If b^c^... is smaller than log_2 m (and we can check whether this inequality holds by recursively taking logarithms), then we can simply compute a^b^c^... Otherwise, a^b^c^... mod m = a^modMin(b^c^..., lambda(m), [log_2 m])) mod m = a^modMin(b^c^... mod lambda(m), lambda(m),[log_2 m]).
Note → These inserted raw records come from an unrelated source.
(* There exists a kernel $K\in C(\mathbb{R}^3;\mathbb{R}^{3\times3})$ admitting a flow $X$ of $\omega_0$ (in the sense below) such that $X(t,\Xi)\subset\{0\}\times[-1,1]\times\{0\}$ for all sufficiently large $t>0$.
   Context: Let $\Xi=\{0\}\times[-1,1]\times[-1,1]\subset\mathbb{R}^3$, $\mathcal{H}^2_\Xi$ the two-dimensional Hausdorff measure on $\Xi$, and $\omega_0=(0,1,0)\,\mathcal{H}^2_\Xi$. A kernel $K\in C(\mathbb{R}^3;\mathbb{R}^{3\times3})$ admits a flow $X\in C([0,\infty)\times\Xi;\mathbb{R}^3)$ of $\omega_0$ if $X$ is differentiable with respect to $t$ and to $\alpha_2$, the velocity $u(t,x)=\int_\Xi K(x-X(t,\alpha))\,\partial_{\alpha_2}X(t,\alpha)\,d\mathcal{H}^2_\Xi(\alpha)$ exists for all $t\ge0$ and $x\in X(t,\Xi)$, and $\partial_tX(t,a)=u(t,X(t,a))$, $X(0,a)=a$ for all $(t,a)\in[0,\infty)\times\Xi$. *)

From Stdlib Require Import Reals.
Open Scope R_scope.

Inductive idx3 : Type := I0 | I1 | I2.
Definition vec3 := idx3 -> R.
Definition mat3 := idx3 -> idx3 -> R.

Definition mk3 (a b c : R) : vec3 :=
  fun i => match i with I0 => a | I1 => b | I2 => c end.
Definition vsub (x y : vec3) : vec3 := fun i => x i - y i.
Definition mulmv (M : mat3) (v : vec3) : vec3 :=
  fun i => M i I0 * v I0 + M i I1 * v I1 + M i I2 * v I2.
Definition norm3 (v : vec3) : R := sqrt (v I0 ^ 2 + v I1 ^ 2 + v I2 ^ 2).

Definition kernel_continuous (K : vec3 -> mat3) : Prop :=
  forall (x : vec3) (eps : R), eps > 0 -> exists delta, delta > 0 /\
    forall y : vec3, norm3 (vsub y x) < delta ->
      forall i j, Rabs (K y i j - K x i j) < eps.

(** Parameter domain Xi = {0} x [-1,1] x [-1,1]; a point (0,a2,a3) of Xi is
    represented by its coordinates (a2,a3). *)
Definition inXi (a2 a3 : R) : Prop := -1 <= a2 <= 1 /\ -1 <= a3 <= 1.

Definition flow_map := R -> R -> R -> vec3.

Definition flow_continuous (X : flow_map) : Prop :=
  forall t a2 a3, 0 <= t -> inXi a2 a3 ->
  forall eps, eps > 0 -> exists delta, delta > 0 /\
    forall s b2 b3, 0 <= s -> inXi b2 b3 ->
      Rabs (s - t) < delta -> Rabs (b2 - a2) < delta -> Rabs (b3 - a3) < delta ->
      forall i, Rabs (X s b2 b3 i - X t a2 a3 i) < eps.

Definition has_deriv_within (D : R -> Prop) (g : R -> R) (x0 l : R) : Prop :=
  forall eps, eps > 0 -> exists delta, delta > 0 /\
    forall h, D (x0 + h) -> h <> 0 -> Rabs h < delta ->
      Rabs ((g (x0 + h) - g x0) / h - l) < eps.

Fixpoint rsum (n : nat) (g : nat -> R) : R :=
  match n with O => 0 | S k => rsum k g + g k end.

Definition tagged_partition (a b : R) (n : nat) (p s : nat -> R) (delta : R) : Prop :=
  p O = a /\ p n = b /\
  forall i, (i < n)%nat ->
    p i < p (S i) /\ p (S i) - p i < delta /\ p i <= s i <= p (S i).

(** Riemann integral over the square [-1,1]^2 (w.r.t. Lebesgue measure on the
    square, i.e. H^2 on Xi), defined by grid Riemann sums. *)
Definition is_integral_Xi (f : R -> R -> R) (I : R) : Prop :=
  forall eps, eps > 0 -> exists delta, delta > 0 /\
    forall n m p s q r,
      tagged_partition (-1) 1 n p s delta ->
      tagged_partition (-1) 1 m q r delta ->
      Rabs (rsum n (fun i => rsum m (fun j =>
              f (s i) (r j) * (p (S i) - p i) * (q (S j) - q j))) - I) < eps.

Definition is_integral_Xi_vec (f : R -> R -> vec3) (I : vec3) : Prop :=
  forall i, is_integral_Xi (fun a2 a3 => f a2 a3 i) (I i).

(** K admits a flow X of omega_0 = (0,1,0) H^2|_Xi.  dX2 is the partial
    derivative of X with respect to alpha_2. *)
Definition admits_flow (K : vec3 -> mat3) (X : flow_map) : Prop :=
  flow_continuous X /\
  (forall a2 a3, inXi a2 a3 -> X 0 a2 a3 = mk3 0 a2 a3) /\
  exists dX2 : flow_map,
    (forall t a2 a3, 0 <= t -> inXi a2 a3 -> forall i,
        has_deriv_within (fun b => -1 <= b <= 1)
          (fun b => X t b a3 i) a2 (dX2 t a2 a3 i)) /\
    (forall t a2 a3, 0 <= t -> inXi a2 a3 ->
       exists u : vec3,
         is_integral_Xi_vec
           (fun b2 b3 => mulmv (K (vsub (X t a2 a3) (X t b2 b3))) (dX2 t b2 b3)) u /\
         forall i, has_deriv_within (fun s => 0 <= s)
                     (fun s => X s a2 a3 i) t (u i)).

(* With r(t) = max(1 - t, 0), the flow X(t,a) = ((r^2 - r^3) a3, a2, r^2 a3) starts at the
   identity and collapses Xi onto {0} x [-1,1] x {0} at t = 1.  A difference
   y = X(t,a) - X(t,b) determines r(t) = 1 - y0/y2 and r(t) (a3 - b3) = y2 / r(t), so a
   kernel can read off the time from its argument: with K(y) e2 = ((3r - 2)/4 F, 0, -F/2),
   F = r (a3 - b3), the velocity is the integral over Xi of an affine function of b3, namely
   ((3r^2 - 2r) a3, 0, -2r a3) = dX/dt.  Clamping r to [0,1] and F to [-2r, 2r] keeps K
   continuous, because then F^2 <= 2 |y2|. *)

From Stdlib Require Import Reals Lra Psatz Lia.
Open Scope R_scope.

Lemma rsum_ext n f g :
  (forall i, (i < n)%nat -> f i = g i) -> rsum n f = rsum n g.
Proof.
  induction n as [|n IH]; intros Hfg; simpl; [reflexivity|].
  rewrite IH by (intros; apply Hfg; lia). rewrite Hfg by lia. reflexivity.
Qed.

Lemma rsum_plus n f g : rsum n (fun i => f i + g i) = rsum n f + rsum n g.
Proof. induction n as [|n IH]; simpl; [ring | rewrite IH; ring]. Qed.

Lemma rsum_minus n f g : rsum n (fun i => f i - g i) = rsum n f - rsum n g.
Proof. induction n as [|n IH]; simpl; [ring | rewrite IH; ring]. Qed.

Lemma rsum_scal n c f : rsum n (fun i => c * f i) = c * rsum n f.
Proof. induction n as [|n IH]; simpl; [ring | rewrite IH; ring]. Qed.

Lemma rsum_telescope n g : rsum n (fun i => g (S i) - g i) = g n - g O.
Proof. induction n as [|n IH]; simpl; [ring | rewrite IH; ring]. Qed.

Lemma rsum_le n f g : (forall i, (i < n)%nat -> f i <= g i) -> rsum n f <= rsum n g.
Proof.
  induction n as [|n IH]; intros Hfg; simpl; [lra|].
  apply Rplus_le_compat; [apply IH; intros; apply Hfg; lia | apply Hfg; lia].
Qed.

Lemma Rabs_rsum_le n f : Rabs (rsum n f) <= rsum n (fun i => Rabs (f i)).
Proof.
  induction n as [|n IH]; simpl; [rewrite Rabs_R0; lra|].
  eapply Rle_trans; [apply Rabs_triang | lra].
Qed.

Section TaggedPartition.

Variables (a b delta : R) (n : nat) (p s : nat -> R).
Hypothesis Hp : tagged_partition a b n p s delta.

Lemma tagged_partition_le i j : (i <= j <= n)%nat -> p i <= p j.
Proof.
  destruct Hp as [_ [_ Hstep]]. intros [Hij Hjn].
  induction Hij as [|j Hij IH]; [lra|].
  destruct (Hstep j ltac:(lia)) as [Hlt _]. specialize (IH ltac:(lia)). lra.
Qed.

Lemma tagged_partition_tag_range i : (i < n)%nat -> a <= s i <= b.
Proof.
  intros Hi. pose proof (tagged_partition_le O i ltac:(lia)) as Hlo.
  pose proof (tagged_partition_le (S i) n ltac:(lia)) as Hhi.
  destruct Hp as [H0 [Hn Hstep]]. destruct (Hstep i Hi) as [_ [_ Htag]]. lra.
Qed.

Lemma rsum_partition_lengths : rsum n (fun i => p (S i) - p i) = b - a.
Proof. destruct Hp as [H0 [Hn _]]. rewrite rsum_telescope, H0, Hn. reflexivity. Qed.

(* Replacing each tag by the midpoint of its cell makes the Riemann sum of the
   identity telescope to (b^2 - a^2)/2; each tag is within delta/2 of that midpoint. *)
Lemma riemann_sum_id_error :
  Rabs (rsum n (fun i => s i * (p (S i) - p i)) - (b ^ 2 - a ^ 2) / 2)
    <= delta / 2 * (b - a).
Proof.
  assert (Hmid : rsum n (fun i => s i * (p (S i) - p i)) - (b ^ 2 - a ^ 2) / 2
            = rsum n (fun i => (s i - (p (S i) + p i) / 2) * (p (S i) - p i))).
  { destruct Hp as [H0 [Hn _]].
    replace ((b ^ 2 - a ^ 2) / 2) with (p n ^ 2 / 2 - p O ^ 2 / 2) by (rewrite H0, Hn; field).
    rewrite <- (rsum_telescope n (fun i => p i ^ 2 / 2)), <- rsum_minus.
    apply rsum_ext. intros i _. field. }
  rewrite Hmid, <- rsum_partition_lengths, <- rsum_scal.
  eapply Rle_trans; [apply Rabs_rsum_le|]. apply rsum_le. intros i Hi.
  destruct Hp as [_ [_ Hstep]]. destruct (Hstep i Hi) as [Hlt [Hmesh Htag]].
  rewrite Rabs_mult, (Rabs_right (p (S i) - p i)) by lra.
  apply Rmult_le_compat_r; [lra|]. apply Rabs_le. lra.
Qed.

End TaggedPartition.

Lemma is_integral_Xi_affine (f : R -> R -> R) c0 c3 I :
  (forall b2 b3, inXi b2 b3 -> f b2 b3 = c0 + c3 * b3) -> I = 4 * c0 ->
  is_integral_Xi f I.
Proof.
  intros Hf -> eps Heps. pose proof (Rabs_pos c3).
  exists (eps / (2 * Rabs c3 + 1)). split; [apply Rdiv_lt_0_compat; lra|].
  intros n m p s q r Hp Hq.
  set (sr := rsum m (fun j => r j * (q (S j) - q j))).
  assert (Hsum : rsum n (fun i => rsum m (fun j =>
                   f (s i) (r j) * (p (S i) - p i) * (q (S j) - q j)))
               = rsum n (fun i => p (S i) - p i) * (c0 * (1 - -1) + c3 * sr)).
  { rewrite Rmult_comm, <- rsum_scal. apply rsum_ext. intros i Hi.
    unfold sr. rewrite <- (rsum_partition_lengths _ _ _ _ _ _ Hq), <- !rsum_scal, <- rsum_plus,
      Rmult_comm, <- rsum_scal.
    apply rsum_ext. intros j Hj.
    rewrite Hf by (split; eapply tagged_partition_tag_range; eauto). ring. }
  pose proof (riemann_sum_id_error _ _ _ _ _ _ Hq) as HS. fold sr in HS.
  rewrite Hsum, (rsum_partition_lengths _ _ _ _ _ _ Hp).
  replace ((1 ^ 2 - (-1) ^ 2) / 2) with 0 in HS by field. rewrite Rminus_0_r in HS.
  replace ((1 - -1) * (c0 * (1 - -1) + c3 * sr) - 4 * c0) with (2 * c3 * sr) by ring.
  rewrite !Rabs_mult, Rabs_right by lra.
  assert (Hd : eps / (2 * Rabs c3 + 1) / 2 * (1 - -1) * (2 * Rabs c3 + 1) = eps)
    by (field; lra).
  nra.
Qed.

Definition cont_at (f : vec3 -> R) (x : vec3) : Prop :=
  forall eps, eps > 0 -> exists delta, delta > 0 /\
    forall y, (forall i, Rabs (y i - x i) < delta) -> Rabs (f y - f x) < eps.

Lemma Rabs_coord_le_norm3 (v : vec3) i : Rabs (v i) <= norm3 v.
Proof.
  unfold norm3. rewrite <- sqrt_Rsqr_abs. apply sqrt_le_1_alt. unfold Rsqr.
  pose proof (pow2_ge_0 (v I0)). pose proof (pow2_ge_0 (v I1)).
  pose proof (pow2_ge_0 (v I2)). destruct i; simpl; nra.
Qed.

Lemma common_delta (P : idx3 -> R -> Prop) :
  (forall i d d', 0 < d' <= d -> P i d -> P i d') ->
  (forall i, exists d, d > 0 /\ P i d) -> exists d, d > 0 /\ forall i, P i d.
Proof.
  intros Hmono HP.
  destruct (HP I0) as [d0 [H0 P0]], (HP I1) as [d1 [H1 P1]], (HP I2) as [d2 [H2 P2]].
  set (d := Rmin d0 (Rmin d1 d2)).
  assert (Hd0 : d <= d0) by apply Rmin_l.
  assert (Hd1 : d <= d1) by (eapply Rle_trans; [apply Rmin_r | apply Rmin_l]).
  assert (Hd2 : d <= d2) by (eapply Rle_trans; [apply Rmin_r | apply Rmin_r]).
  assert (Hpos : d > 0) by (repeat apply Rmin_pos; lra).
  exists d. split; [exact Hpos|].
  intros []; [apply (Hmono _ d0) | apply (Hmono _ d1) | apply (Hmono _ d2)]; auto; lra.
Qed.

Lemma kernel_continuous_entrywise (K : vec3 -> mat3) :
  (forall x i j, cont_at (fun y => K y i j) x) -> kernel_continuous K.
Proof.
  intros HK x eps Heps.
  set (close d := fun y : vec3 => forall k, Rabs (y k - x k) < d).
  assert (Hclose : forall d d' y, 0 < d' <= d -> close d' y -> close d y)
    by (intros d d' y Hd Hy k; specialize (Hy k); lra).
  destruct (common_delta (fun i d => forall j y, close d y ->
              Rabs (K y i j - K x i j) < eps)) as [d [Hd H]].
  - intros i d d' Hd' Hi j y Hy. eapply Hi, Hclose; eauto.
  - intros i. apply (common_delta (fun j d => forall y, close d y ->
                      Rabs (K y i j - K x i j) < eps)).
    + intros j d d' Hd' Hj y Hy. eapply Hj, Hclose; eauto.
    + intros j. exact (HK x i j eps Heps).
  - exists d. split; [exact Hd|]. intros y Hy i j. apply H. intros k.
    eapply Rle_lt_trans; [apply (Rabs_coord_le_norm3 (vsub y x)) | exact Hy].
Qed.

Lemma cont_at_const c x : cont_at (fun _ => c) x.
Proof.
  intros eps Heps. exists 1. split; [lra|]. intros y _.
  rewrite Rminus_diag, Rabs_R0. lra.
Qed.

Lemma cont_at_coord i x : cont_at (fun y => y i) x.
Proof. intros eps Heps. exists eps. split; [lra|]. intros y Hy. apply Hy. Qed.

Lemma cont_at_lipschitz2 (h : R -> R -> R) f g x :
  (forall u v u' v', Rabs (h u v - h u' v') <= Rabs (u - u') + Rabs (v - v')) ->
  cont_at f x -> cont_at g x -> cont_at (fun y => h (f y) (g y)) x.
Proof.
  intros Hh Hf Hg eps Heps.
  destruct (Hf (eps / 2) ltac:(lra)) as [d1 [Hd1 H1]].
  destruct (Hg (eps / 2) ltac:(lra)) as [d2 [Hd2 H2]].
  exists (Rmin d1 d2). split; [apply Rmin_pos; lra|]. intros y Hy.
  pose proof (Rmin_l d1 d2). pose proof (Rmin_r d1 d2).
  specialize (H1 y ltac:(intros i; specialize (Hy i); lra)).
  specialize (H2 y ltac:(intros i; specialize (Hy i); lra)).
  specialize (Hh (f y) (g y) (f x) (g x)). lra.
Qed.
For example, suppose we want to compute 2^3^4^5 mod 100. Note that 3^4^5 only has 489 digits, so this is doable by other methods, but it's big enough that you don't want to compute it directly. However, by the methods I gave here, you can compute 2^3^4^5 mod 100 by hand.
Since 3^4^5 > log_2 100,
2^3^4^5 mod 100
= 2^modMin(3^4^5,lambda(100),6) mod 100
= 2^modMin(3^4^5 mod lambda(100), lambda(100),6) mod 100
= 2^modMin(3^4^5 mod 20, 20,6) mod 100.
Let's compute 3^4^5 mod 20. Since 4^5 > log_2 20,
3^4^5 mod 20
= 3^modMin(4^5,lambda(20),4) mod 20
= 3^modMin(4^5 mod lambda(20),lambda(20),4) mod 20
= 3^modMin(4^5 mod 4, 4, 4) mod 20
= 3^modMin(0,4,4) mod 20
= 3^4 mod 20
= 81 mod 20
= 1
We can plug this into the previous calculation:
2^3^4^5 mod 100
= 2^modMin(3^4^5 mod 20, 20,6) mod 100
= 2^modMin(1,20,6) mod 100
= 2^21 mod 100
= 2097152 mod 100
= 52.
Note that 2^(3^4^5 mod 20) mod 100 = 2^1 mod 100 = 2, which is not correct. You can't reduce down to the preperiodic part of the powers of the base.